Alexion says its top brass inappropriately pressed staff to pad Soliris sales

Alexion has wrapped up its investigation into allegations of sales fraud concerning its lead drug, Soliris. Its conclusion? Senior management improperly pressured employees in order to bump up quarterly revenue.

To hit financial targets, executives pressed staffers to get customers to place their Soliris orders earlier than they would have otherwise, according to a delayed third-quarter report Alexion filed Wednesday. Extra sales generated through the process—known as “pull-in sales”—peaked in the fourth quarter of 2015, when the Connecticut drugmaker estimates they tallied between $10 million and $17 million.

The practice isn’t “inherently problematic or impermissible” as long as it doesn’t violate U.S. accounting rules, Alexion said, and its audit committee concluded that previously issued financial results don’t need to be restated. Top employees did violate Alexion’s own company policies and procedures, however, and the company blamed the bad behavior on senior management’s failure to “set an appropriate ‘tone at the top’ for an effective control environment.”

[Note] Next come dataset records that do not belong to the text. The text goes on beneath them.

Lemma gen_aE : gen_a = lperm l_a. Proof. by apply/permP => i; rewrite permE lpermE. Qed.
Lemma gen_bE : gen_b = lperm l_b. Proof. by apply/permP => i; rewrite permE lpermE. Qed.
Lemma gen_cE : gen_c = lperm l_c. Proof. by apply/permP => i; rewrite permE lpermE. Qed.

Lemma M11_enum : M11 :=: lperms M11_list /\ #|M11| = size M11_list.
Proof.
have M11_gens : [set gen_a; gen_b] =i map lperm [:: l_a; l_b].
  by move=> x; rewrite !inE gen_aE gen_bE.
case: M11_certificate_parts => ok _ _ _; rewrite M11_listE in ok *.
exact: (enum_closureE (gens := [:: l_a; l_b]) isT M11_gens ok).
Qed.

Lemma M12_enum : #|M12| = size M12_list.
Proof.
have M12_gens : [set gen_a; gen_b; gen_c] =i map lperm [:: l_a; l_b; l_c].
  by move=> x; rewrite !inE -orbA gen_aE gen_bE gen_cE.
have [ok _] := M12_certificate_parts; rewrite M12_listE in ok *.
exact: (enum_closureE (gens := [:: l_a; l_b; l_c]) isT M12_gens ok).2.
Qed.

Lemma card_M11 : #|M11| = 7920.
Proof. by case: M11_certificate_parts => _ size11 _ _; rewrite M11_enum.2 size11. Qed.

Lemma card_M12 : #|M12| = (12 * #|M11|)%N.
Proof. by rewrite M12_enum M12_certificate_parts.2 M11_enum.2. Qed.

Lemma mem_M11 x : x \in M11 -> exists2 z, z \in M11_list & perm_list z /\ x = lperm z.
Proof.
have [/and4P[/allP p_L _ _ _] _ _ _] := M11_certificate_parts.
rewrite M11_enum.1 inE => /mapP[z zL ->].
by exists z; [exact: zL | split; [exact: p_L | reflexivity]].
Qed.

Lemma gen_a_M11 : gen_a \in M11.
Proof. by rewrite mem_gen // !inE eqxx. Qed.

Lemma gen_a_expg11 : gen_a ^+ 11 = 1.
Proof. by rewrite gen_aE -(lperm_pow 11 perm_list_a).2 -lperm_lid. Qed.

Lemma gen_a_order : #[gen_a] = 11.
Proof.
have a_ne1 : gen_a != 1 by rewrite gen_aE -lperm_lid lperm_eq.
have /primeP[_ prime11] : prime 11 by [].
have /prime11/pred2P[/eqP|//] : #[gen_a] %| 11 by rewrite order_dvdn gen_a_expg11.
by rewrite order_eq1 (negbTE a_ne1).
Qed.

Lemma expg_gcd (gT : finGroupType) (G : {group gT}) x m :
  x \in G -> x ^+ m = 1 -> x ^+ gcdn m #|G| = 1.
Proof.
by move=> xG xm; apply/eqP; rewrite -order_dvdn dvdn_gcd order_dvdn xm eqxx order_dvdG.
Qed.

Lemma conj_a_into_cycle_small (K : {group 'S_12}) : K \subset M11 ->
  {in K, forall k, gen_a ^ k \in <[gen_a]>} -> #|K| <= 55.
Proof.
move=> sKM Ka; have [_ _ <- _] := M11_certificate_parts.
apply: leq_trans (card_lperms_le _); apply: subset_leq_card.
apply/subsetP => k kK; have /cycleP[i ai] := Ka _ kK.
have [z zM [pz ek]] := mem_M11 (subsetP sKM k kK); subst k.
have [p_ai ai_val] := lperm_pow (i %% 11) perm_list_a.
have aza : lcomp l_a z = lcomp z (lpow l_a (i %% 11)).
  apply: lperm_inj; rewrite ?lcomp_perm_list // !lperm_comp // ai_val -gen_aE.
  by rewrite (expg_mod _ gen_a_expg11) -ai conjgC.
rewrite inE map_f // /norm_a_list /norm_a mem_filter zM andbT; apply/hasP.
exists (lpow l_a (i %% 11)); last exact/eqP.
by apply: map_f; rewrite mem_iota ltn_mod.
Qed.

Lemma order11_outside_cycle (K : {group 'S_12}) : K \subset M11 -> gen_a \in K ->
  55 < #|K| -> exists2 x, x \in K & x ^+ 11 = 1 /\ x \notin <[gen_a]>.
Proof.
move=> sKM aK bigK.
have [/exists_inP[x xK /andP[/eqP x11 x_a]]|/exists_inPn no_x] :=
  boolP [exists x in K, (x ^+ 11 == 1) && (x \notin <[gen_a]>)]; first by exists x.
suff: #|K| <= 55 by rewrite leqNgt bigK.
apply: conj_a_into_cycle_small sKM _ => k kK.
have := no_x _ (groupJ aK kK).
by rewrite -conjXg gen_a_expg11 conj1g eqxx negbK.
Qed.

Lemma index12_contains_t (K : {group 'S_12}) : K \subset M11 -> gen_a \in K ->
  #|K| = 660 -> lperm l_t \in K.
Proof.
move=> sKM aK cardK.
have [x xK [x11 x_a]] : exists2 x, x \in K & x ^+ 11 = 1 /\ x \notin <[gen_a]>.
  by apply: order11_outside_cycle; rewrite ?cardK.
have [z zM [pz ex]] := mem_M11 (subsetP sKM x xK).
have : cert_t z by case: M11_certificate_parts => _ _ _ /allP; apply.
rewrite /cert_t.
have -> : (lpow z 11 != lid) = false.
  by rewrite -(lperm_eq (lperm_pow 11 pz).1 perm_list_lid) (lperm_pow 11 pz).2 -ex x11 lperm_lid eqxx.
have -> : in_cycle_a z = false.
  apply/negbTE/hasP => -[_ /mapP[j _ ->] /eqP aj]; case/negP: x_a.
  by rewrite ex -aj (lperm_pow j perm_list_a).2 -gen_aE mem_cycle.
pose inK y := perm_list y /\ lperm y \in K.
have step y g : inK y -> g \in [:: l_a; z] -> inK (lcomp y g).
  case=> py yK; rewrite !inE => /orP[] /eqP ->.
    by split; [apply: lcomp_perm_list | rewrite lperm_comp // groupM // -gen_aE].
  by split; [apply: lcomp_perm_list | rewrite lperm_comp // groupM // -ex].
have start y : y \in [:: lid] -> inK y.
  by rewrite inE => /eqP ->; split; [exact: perm_list_lid | rewrite lperm_lid group1].
case/(search_sound step start) => y [[py yK] /orP[/eqP <- // | /andP[/eqP y8 y4]]].
have y8' : lperm y ^+ 8 = 1 by rewrite -(lperm_pow 8 py).2 y8 lperm_lid.
have gcd_8_K : gcdn 8 #|K| = 4 by rewrite cardK.
have y4' := expg_gcd yK y8'; rewrite gcd_8_K in y4'.
case/negP: y4; rewrite -(lperm_eq (lperm_pow 4 py).1 perm_list_lid) (lperm_pow 4 py).2.
by rewrite lperm_lid y4'.
Qed.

Alexion’s topmost brass, of course, has already paid the price. After acknowledging in November that it was looking into sales fraud claims from a former employee, the company announced last month that former AstraZeneca chief David Brennan would take the CEO reins from skipper David Hallal, and one-time Honeywell CFO David Anderson would step into the CFO role in place of Vikas Sinha.

Now, the New Haven-based company said it plans to funnel its efforts into a remediation plan. Alexion will increase employee communication and training on ethics and compliance and take a hard look at its planning and forecasting procedures, among other steps.

The way Leerink Partners analyst Geoffrey Porges sees it, the damage could have been worse. “The outcome from the investigation is very much consistent with our expectations, and is materially less than the ‘worst case scenarios' imagined by many investors,” he wrote in a note to clients.

Events at the company do represent a “warning shot” to the rest of the industry, though, he cautioned. They’re “likely to provide an important ‘case study’” for fellow pharma management teams, which he thinks will now “‘sharpen their pencils' in terms of the reliability of their financial results, and the accountability of management for those results.”

Meanwhile, Alexion’s not totally out of the woods. Porges, in response to “recent turmoil,” had previously tabbed Alexion as “one of the rare, once or twice per decade, activist investment situations in the biopharmaceutical industry,” and as he wrote Thursday, “we do not believe the activist opportunity is over.”